With the records below as your source, retype each line exactly from the top down to the line that contains "case: (eqVneq (tent 1", and include that line.

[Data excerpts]
[Start of section]
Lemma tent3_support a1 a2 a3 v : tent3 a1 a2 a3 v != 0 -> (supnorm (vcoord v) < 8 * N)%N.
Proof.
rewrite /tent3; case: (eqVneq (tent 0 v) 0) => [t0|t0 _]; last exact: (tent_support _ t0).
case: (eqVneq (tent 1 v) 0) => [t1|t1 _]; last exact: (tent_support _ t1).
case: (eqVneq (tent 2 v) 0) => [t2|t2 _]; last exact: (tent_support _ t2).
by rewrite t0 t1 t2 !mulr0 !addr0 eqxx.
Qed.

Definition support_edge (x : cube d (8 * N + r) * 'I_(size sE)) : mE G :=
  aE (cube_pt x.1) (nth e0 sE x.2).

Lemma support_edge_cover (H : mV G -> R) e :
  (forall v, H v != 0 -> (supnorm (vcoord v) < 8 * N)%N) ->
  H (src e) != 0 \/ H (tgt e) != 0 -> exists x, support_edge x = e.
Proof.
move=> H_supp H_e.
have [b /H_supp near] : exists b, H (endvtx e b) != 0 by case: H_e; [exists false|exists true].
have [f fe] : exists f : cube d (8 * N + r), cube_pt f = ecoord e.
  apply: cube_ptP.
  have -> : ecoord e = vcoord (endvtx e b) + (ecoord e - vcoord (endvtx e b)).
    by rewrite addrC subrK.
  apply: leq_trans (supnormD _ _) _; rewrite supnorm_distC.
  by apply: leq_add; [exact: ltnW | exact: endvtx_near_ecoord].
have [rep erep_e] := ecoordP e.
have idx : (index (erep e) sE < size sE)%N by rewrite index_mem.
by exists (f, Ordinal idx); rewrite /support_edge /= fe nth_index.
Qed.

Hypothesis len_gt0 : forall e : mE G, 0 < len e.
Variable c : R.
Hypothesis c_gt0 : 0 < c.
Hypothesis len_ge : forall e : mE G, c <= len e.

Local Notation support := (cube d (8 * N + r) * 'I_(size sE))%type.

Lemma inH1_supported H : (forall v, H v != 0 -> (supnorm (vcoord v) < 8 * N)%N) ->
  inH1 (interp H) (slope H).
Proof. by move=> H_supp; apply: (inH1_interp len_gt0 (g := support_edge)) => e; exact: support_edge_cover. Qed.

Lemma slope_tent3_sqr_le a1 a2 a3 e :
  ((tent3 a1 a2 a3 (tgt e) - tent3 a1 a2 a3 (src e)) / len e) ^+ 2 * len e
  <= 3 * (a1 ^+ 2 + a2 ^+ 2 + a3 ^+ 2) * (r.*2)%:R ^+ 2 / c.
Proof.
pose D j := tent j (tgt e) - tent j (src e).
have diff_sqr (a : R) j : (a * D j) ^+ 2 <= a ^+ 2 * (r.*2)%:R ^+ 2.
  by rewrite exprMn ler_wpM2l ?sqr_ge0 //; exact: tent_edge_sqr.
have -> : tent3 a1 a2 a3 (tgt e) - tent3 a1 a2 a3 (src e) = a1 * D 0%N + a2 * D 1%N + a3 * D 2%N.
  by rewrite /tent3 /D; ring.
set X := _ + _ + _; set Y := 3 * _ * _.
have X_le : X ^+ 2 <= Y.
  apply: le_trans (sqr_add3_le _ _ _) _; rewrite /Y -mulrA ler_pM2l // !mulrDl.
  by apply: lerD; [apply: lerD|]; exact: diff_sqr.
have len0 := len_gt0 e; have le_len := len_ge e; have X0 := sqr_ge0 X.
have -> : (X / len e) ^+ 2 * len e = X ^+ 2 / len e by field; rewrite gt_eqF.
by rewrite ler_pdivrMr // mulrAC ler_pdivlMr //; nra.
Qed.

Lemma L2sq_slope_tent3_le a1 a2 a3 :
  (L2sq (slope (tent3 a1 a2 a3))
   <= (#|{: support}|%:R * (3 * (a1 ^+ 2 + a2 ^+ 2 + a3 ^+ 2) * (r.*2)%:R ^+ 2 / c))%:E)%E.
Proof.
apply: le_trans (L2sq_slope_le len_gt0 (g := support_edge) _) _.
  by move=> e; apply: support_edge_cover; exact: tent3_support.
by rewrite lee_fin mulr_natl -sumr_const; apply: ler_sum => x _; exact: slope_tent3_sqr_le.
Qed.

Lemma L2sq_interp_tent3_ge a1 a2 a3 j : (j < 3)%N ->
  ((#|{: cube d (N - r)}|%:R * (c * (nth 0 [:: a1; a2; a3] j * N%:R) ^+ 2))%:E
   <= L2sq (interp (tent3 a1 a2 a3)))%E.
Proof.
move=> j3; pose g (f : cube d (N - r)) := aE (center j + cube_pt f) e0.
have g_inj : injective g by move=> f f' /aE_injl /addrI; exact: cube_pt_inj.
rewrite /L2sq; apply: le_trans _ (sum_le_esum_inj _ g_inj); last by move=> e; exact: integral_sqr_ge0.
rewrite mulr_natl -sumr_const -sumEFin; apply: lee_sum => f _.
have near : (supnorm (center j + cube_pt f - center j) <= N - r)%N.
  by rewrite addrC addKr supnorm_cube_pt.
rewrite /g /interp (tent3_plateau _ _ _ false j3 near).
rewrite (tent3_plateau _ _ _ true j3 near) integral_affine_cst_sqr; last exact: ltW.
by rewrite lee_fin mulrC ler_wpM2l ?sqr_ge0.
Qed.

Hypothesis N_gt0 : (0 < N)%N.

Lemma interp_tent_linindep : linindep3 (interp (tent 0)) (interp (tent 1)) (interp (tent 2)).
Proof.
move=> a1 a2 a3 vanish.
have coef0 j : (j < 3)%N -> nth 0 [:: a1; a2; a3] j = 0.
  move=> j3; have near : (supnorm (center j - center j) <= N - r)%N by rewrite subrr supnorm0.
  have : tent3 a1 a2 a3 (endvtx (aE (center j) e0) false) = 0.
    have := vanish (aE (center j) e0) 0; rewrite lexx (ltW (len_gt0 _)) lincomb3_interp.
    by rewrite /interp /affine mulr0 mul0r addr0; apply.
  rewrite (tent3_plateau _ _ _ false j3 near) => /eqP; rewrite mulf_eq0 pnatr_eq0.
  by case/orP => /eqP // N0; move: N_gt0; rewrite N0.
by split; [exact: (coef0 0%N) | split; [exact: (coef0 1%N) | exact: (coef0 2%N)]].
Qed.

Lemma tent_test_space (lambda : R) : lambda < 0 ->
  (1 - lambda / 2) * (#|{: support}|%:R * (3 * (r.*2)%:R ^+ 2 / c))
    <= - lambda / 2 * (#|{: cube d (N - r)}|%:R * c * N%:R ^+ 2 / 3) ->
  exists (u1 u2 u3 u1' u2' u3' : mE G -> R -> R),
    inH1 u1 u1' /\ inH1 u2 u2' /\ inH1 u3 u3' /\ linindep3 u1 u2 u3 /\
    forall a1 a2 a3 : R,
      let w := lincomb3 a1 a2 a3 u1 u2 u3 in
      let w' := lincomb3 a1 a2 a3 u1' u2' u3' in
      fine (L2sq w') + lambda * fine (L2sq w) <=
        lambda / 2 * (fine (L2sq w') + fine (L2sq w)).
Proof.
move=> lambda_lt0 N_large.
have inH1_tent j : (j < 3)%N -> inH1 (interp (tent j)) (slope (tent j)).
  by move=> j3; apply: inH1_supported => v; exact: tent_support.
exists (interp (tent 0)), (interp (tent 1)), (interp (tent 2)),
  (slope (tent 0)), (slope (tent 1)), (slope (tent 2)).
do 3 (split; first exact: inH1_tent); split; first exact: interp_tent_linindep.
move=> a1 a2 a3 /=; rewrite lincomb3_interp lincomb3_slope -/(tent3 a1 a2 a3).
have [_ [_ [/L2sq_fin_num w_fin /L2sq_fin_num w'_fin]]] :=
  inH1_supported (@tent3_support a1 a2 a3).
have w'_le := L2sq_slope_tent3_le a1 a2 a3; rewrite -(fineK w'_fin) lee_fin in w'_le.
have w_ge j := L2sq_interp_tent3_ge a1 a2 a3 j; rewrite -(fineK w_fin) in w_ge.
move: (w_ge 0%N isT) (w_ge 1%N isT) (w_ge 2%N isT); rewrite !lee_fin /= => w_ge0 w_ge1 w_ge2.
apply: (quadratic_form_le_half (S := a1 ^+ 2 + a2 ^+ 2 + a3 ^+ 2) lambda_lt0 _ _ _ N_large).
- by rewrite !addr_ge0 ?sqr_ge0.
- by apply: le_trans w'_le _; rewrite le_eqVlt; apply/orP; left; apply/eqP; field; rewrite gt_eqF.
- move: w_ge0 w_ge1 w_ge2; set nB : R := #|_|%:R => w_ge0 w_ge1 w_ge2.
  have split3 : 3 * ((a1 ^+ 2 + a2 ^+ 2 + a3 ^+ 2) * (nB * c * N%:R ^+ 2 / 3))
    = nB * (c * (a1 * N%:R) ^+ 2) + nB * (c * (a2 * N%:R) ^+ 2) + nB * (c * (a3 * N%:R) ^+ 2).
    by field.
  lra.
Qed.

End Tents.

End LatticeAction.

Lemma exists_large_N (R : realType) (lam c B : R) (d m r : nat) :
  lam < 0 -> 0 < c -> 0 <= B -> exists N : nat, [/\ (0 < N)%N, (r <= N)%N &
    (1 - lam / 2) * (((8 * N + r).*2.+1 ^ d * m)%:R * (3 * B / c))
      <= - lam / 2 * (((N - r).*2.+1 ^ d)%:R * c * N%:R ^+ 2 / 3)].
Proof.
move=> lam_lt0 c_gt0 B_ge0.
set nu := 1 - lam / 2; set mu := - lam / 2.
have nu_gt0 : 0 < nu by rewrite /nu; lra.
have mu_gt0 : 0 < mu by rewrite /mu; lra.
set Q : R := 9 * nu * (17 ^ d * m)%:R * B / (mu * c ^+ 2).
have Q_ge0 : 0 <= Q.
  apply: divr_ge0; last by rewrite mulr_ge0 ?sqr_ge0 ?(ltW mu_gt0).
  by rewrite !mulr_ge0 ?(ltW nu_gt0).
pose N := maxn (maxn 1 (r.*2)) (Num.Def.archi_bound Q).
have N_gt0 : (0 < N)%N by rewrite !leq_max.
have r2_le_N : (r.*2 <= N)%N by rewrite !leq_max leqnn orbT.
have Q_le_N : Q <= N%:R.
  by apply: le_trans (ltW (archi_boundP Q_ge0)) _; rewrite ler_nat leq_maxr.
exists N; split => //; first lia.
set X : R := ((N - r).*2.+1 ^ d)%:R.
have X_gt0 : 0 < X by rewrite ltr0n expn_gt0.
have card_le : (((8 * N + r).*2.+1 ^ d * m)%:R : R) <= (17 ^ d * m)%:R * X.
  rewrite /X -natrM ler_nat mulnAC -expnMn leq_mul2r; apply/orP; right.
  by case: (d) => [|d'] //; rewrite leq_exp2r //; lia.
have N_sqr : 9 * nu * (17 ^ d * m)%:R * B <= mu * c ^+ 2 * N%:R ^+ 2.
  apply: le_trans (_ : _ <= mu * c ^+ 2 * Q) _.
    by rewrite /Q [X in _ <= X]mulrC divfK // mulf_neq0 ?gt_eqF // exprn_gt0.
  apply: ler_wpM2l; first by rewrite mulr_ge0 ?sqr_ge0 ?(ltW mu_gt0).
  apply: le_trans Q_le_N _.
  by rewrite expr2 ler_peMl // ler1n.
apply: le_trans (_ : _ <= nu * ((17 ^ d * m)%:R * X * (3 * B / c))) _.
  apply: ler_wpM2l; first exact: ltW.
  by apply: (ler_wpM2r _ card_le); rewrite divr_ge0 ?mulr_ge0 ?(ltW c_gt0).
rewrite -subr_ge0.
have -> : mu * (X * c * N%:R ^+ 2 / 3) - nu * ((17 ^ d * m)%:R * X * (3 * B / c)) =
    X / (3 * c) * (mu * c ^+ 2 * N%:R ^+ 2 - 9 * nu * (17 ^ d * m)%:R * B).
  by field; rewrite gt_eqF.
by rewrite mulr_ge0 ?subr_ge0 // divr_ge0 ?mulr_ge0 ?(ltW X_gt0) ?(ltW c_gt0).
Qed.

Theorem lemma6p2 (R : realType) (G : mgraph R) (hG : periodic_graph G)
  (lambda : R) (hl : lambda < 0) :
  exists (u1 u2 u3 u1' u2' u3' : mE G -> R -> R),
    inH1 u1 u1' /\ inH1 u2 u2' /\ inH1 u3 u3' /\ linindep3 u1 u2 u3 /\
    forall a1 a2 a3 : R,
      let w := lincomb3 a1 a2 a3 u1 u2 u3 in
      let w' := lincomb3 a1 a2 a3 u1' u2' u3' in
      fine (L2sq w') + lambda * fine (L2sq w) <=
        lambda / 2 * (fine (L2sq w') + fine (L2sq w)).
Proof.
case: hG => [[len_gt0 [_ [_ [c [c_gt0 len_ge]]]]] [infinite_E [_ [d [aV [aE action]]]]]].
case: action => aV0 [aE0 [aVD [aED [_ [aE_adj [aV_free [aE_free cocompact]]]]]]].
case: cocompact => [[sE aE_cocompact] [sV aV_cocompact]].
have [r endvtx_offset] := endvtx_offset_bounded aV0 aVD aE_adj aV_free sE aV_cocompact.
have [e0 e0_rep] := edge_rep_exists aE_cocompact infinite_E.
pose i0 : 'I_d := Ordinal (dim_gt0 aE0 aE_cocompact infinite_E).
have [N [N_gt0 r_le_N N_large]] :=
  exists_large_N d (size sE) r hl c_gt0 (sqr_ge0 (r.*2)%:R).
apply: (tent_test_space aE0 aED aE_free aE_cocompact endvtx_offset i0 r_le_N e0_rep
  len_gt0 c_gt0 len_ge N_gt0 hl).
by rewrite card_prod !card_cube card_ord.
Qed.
[End of section]
= WRITTEN SOLUTION =
Lemma tent3_support a1 a2 a3 v : tent3 a1 a2 a3 v != 0 -> (supnorm (vcoord v) < 8 * N)%N.
Proof.
rewrite /tent3; case: (eqVneq (tent 0 v) 0) => [t0|t0 _]; last exact: (tent_support _ t0).
case: (eqVneq (tent 1 v) 0) => [t1|t1 _]; last exact: (tent_support _ t1).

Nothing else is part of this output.